Stored items

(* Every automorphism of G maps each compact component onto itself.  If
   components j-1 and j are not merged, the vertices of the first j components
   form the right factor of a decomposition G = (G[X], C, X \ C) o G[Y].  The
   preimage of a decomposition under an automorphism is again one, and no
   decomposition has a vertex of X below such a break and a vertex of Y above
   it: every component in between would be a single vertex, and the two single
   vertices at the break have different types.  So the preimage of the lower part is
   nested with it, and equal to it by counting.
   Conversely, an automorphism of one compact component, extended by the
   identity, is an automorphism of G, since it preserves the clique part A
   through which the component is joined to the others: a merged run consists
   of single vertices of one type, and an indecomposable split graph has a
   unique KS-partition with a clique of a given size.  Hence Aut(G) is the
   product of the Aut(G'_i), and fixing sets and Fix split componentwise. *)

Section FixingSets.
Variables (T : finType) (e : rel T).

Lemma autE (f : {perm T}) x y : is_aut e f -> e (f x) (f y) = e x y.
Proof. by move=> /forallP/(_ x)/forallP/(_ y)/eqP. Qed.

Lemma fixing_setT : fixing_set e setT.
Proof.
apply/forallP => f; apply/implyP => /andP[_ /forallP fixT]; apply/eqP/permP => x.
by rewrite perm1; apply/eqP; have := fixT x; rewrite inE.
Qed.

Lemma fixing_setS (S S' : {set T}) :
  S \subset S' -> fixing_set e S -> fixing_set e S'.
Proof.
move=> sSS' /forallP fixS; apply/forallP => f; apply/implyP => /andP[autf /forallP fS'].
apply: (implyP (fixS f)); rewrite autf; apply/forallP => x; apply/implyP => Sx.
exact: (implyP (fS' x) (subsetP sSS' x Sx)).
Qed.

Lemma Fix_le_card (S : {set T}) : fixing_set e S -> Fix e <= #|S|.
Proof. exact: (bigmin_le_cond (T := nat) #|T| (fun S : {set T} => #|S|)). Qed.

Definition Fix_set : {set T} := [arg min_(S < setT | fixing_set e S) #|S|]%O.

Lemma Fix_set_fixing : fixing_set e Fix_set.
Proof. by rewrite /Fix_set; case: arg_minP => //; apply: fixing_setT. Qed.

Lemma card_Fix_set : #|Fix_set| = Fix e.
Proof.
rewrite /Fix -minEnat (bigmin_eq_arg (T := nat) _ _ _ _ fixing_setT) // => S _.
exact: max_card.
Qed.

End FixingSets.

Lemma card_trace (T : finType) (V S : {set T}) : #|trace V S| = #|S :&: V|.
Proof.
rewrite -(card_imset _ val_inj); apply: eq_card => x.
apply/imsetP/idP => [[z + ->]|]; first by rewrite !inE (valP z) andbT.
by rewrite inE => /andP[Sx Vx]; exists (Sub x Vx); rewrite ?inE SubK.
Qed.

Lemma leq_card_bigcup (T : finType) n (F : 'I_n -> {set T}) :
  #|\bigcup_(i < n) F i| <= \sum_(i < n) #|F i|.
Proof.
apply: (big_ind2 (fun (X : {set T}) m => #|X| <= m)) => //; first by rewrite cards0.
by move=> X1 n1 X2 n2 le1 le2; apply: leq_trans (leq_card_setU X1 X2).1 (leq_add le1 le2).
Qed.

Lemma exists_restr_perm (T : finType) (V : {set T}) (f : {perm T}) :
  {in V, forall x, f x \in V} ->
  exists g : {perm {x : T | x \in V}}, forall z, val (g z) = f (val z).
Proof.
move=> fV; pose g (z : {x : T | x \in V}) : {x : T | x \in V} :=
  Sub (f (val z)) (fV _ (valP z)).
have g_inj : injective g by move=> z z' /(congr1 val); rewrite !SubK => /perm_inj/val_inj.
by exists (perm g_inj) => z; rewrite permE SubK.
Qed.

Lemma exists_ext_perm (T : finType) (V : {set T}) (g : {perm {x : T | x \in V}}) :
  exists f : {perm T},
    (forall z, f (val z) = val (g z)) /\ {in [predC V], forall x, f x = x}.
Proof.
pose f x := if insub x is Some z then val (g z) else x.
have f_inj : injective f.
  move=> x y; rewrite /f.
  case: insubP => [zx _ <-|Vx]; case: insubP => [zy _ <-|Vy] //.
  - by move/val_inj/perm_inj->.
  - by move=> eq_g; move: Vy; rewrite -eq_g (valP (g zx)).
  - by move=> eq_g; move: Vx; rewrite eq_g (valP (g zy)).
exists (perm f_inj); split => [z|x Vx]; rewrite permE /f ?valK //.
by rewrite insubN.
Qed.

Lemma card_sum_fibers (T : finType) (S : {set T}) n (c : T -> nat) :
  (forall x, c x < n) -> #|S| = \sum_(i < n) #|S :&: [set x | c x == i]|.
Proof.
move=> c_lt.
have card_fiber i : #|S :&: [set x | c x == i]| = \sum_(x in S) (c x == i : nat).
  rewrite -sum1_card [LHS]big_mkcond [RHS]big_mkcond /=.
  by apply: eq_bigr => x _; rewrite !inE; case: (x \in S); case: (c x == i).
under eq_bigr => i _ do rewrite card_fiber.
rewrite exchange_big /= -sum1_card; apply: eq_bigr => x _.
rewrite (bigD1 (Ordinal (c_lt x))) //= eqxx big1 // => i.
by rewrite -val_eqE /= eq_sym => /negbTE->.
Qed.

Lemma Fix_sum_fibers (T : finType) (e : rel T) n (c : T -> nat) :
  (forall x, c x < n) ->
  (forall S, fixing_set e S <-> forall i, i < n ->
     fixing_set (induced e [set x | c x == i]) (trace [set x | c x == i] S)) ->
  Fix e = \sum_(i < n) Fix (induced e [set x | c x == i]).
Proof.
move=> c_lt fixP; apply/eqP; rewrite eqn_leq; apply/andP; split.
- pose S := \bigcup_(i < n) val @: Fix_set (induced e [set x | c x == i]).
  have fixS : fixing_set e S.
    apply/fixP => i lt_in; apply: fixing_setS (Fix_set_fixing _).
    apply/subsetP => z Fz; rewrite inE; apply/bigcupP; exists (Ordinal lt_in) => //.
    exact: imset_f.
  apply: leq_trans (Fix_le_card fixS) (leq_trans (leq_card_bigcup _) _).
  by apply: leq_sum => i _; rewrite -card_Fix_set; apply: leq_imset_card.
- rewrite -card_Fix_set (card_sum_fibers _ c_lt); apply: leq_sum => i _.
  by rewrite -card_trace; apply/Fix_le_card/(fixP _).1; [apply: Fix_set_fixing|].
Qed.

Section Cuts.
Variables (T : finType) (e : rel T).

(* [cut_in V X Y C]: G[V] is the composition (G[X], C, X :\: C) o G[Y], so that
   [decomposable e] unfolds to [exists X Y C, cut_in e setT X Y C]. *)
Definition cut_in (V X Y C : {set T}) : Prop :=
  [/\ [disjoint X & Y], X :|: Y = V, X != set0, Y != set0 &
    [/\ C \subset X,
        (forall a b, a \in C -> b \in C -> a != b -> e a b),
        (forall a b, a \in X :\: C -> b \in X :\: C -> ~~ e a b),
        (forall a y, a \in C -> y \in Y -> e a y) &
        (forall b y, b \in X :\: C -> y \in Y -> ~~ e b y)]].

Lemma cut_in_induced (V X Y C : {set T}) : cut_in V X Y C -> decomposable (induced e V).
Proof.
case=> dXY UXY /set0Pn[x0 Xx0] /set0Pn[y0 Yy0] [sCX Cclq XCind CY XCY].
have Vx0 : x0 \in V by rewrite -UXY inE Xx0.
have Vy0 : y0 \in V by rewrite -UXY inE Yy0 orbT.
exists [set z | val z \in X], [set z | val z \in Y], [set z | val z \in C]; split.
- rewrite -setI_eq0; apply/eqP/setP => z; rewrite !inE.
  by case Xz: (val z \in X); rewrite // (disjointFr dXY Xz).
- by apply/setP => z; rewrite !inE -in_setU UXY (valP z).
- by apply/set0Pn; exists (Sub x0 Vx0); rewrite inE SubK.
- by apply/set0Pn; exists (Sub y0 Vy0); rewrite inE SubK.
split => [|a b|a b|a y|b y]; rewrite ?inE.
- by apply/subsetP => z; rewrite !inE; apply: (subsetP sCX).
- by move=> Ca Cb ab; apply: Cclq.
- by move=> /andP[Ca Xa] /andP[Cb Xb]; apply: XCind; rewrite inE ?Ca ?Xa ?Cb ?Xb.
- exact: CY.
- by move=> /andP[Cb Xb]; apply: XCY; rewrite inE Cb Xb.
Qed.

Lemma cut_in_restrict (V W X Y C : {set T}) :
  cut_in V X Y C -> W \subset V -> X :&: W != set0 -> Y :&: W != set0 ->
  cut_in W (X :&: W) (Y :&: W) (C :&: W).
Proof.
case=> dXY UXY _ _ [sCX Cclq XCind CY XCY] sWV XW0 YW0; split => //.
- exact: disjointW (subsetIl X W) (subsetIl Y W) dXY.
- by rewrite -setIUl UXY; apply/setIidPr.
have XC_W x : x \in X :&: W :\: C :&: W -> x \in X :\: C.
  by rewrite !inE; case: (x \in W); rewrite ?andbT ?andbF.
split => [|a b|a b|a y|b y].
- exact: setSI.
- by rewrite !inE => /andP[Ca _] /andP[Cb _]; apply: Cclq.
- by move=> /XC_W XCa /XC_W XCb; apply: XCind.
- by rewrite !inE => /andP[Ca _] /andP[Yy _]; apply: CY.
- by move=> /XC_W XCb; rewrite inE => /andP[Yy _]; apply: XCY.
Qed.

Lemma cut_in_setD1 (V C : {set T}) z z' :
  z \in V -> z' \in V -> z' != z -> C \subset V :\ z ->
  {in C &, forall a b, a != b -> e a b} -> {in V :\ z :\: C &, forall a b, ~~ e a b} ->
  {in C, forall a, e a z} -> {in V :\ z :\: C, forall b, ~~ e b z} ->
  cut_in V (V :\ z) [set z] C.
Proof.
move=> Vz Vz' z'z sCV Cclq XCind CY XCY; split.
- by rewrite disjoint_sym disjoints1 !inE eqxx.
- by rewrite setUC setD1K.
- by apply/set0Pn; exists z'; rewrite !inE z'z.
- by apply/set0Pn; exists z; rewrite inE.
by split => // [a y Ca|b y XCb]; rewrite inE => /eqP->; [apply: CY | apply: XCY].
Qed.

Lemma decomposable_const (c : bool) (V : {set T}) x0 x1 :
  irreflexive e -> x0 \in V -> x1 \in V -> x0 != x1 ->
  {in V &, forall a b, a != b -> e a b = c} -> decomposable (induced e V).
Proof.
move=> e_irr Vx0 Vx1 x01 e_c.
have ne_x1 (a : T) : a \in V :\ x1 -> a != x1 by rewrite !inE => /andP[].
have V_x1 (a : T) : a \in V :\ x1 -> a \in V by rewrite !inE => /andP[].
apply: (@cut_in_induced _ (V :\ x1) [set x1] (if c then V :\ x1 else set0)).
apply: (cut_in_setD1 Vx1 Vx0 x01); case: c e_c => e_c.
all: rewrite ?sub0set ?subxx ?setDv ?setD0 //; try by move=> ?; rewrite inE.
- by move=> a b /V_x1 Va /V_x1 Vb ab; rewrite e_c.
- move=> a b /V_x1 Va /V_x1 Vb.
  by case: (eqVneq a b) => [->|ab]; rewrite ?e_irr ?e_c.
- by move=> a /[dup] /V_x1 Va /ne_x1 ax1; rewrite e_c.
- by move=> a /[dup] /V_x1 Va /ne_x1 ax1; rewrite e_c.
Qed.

• [Description of the task]
Find the line with "move=> Vz Vz'" in the data above. Restate it and all later lines word for word, ending with the last line.

• [Result for this exercise]
move=> Vz Vz' z'z sCV Cclq XCind CY XCY; split.
- by rewrite disjoint_sym disjoints1 !inE eqxx.
- by rewrite setUC setD1K.
- by apply/set0Pn; exists z'; rewrite !inE z'z.
- by apply/set0Pn; exists z; rewrite inE.
by split => // [a y Ca|b y XCb]; rewrite inE => /eqP->; [apply: CY | apply: XCY].
Qed.

Lemma decomposable_const (c : bool) (V : {set T}) x0 x1 :
  irreflexive e -> x0 \in V -> x1 \in V -> x0 != x1 ->
  {in V &, forall a b, a != b -> e a b = c} -> decomposable (induced e V).
Proof.
move=> e_irr Vx0 Vx1 x01 e_c.
have ne_x1 (a : T) : a \in V :\ x1 -> a != x1 by rewrite !inE => /andP[].
have V_x1 (a : T) : a \in V :\ x1 -> a \in V by rewrite !inE => /andP[].
apply: (@cut_in_induced _ (V :\ x1) [set x1] (if c then V :\ x1 else set0)).
apply: (cut_in_setD1 Vx1 Vx0 x01); case: c e_c => e_c.
all: rewrite ?sub0set ?subxx ?setDv ?setD0 //; try by move=> ?; rewrite inE.
- by move=> a b /V_x1 Va /V_x1 Vb ab; rewrite e_c.
- move=> a b /V_x1 Va /V_x1 Vb.
  by case: (eqVneq a b) => [->|ab]; rewrite ?e_irr ?e_c.
- by move=> a /[dup] /V_x1 Va /ne_x1 ax1; rewrite e_c.
- by move=> a /[dup] /V_x1 Va /ne_x1 ax1; rewrite e_c.
Qed.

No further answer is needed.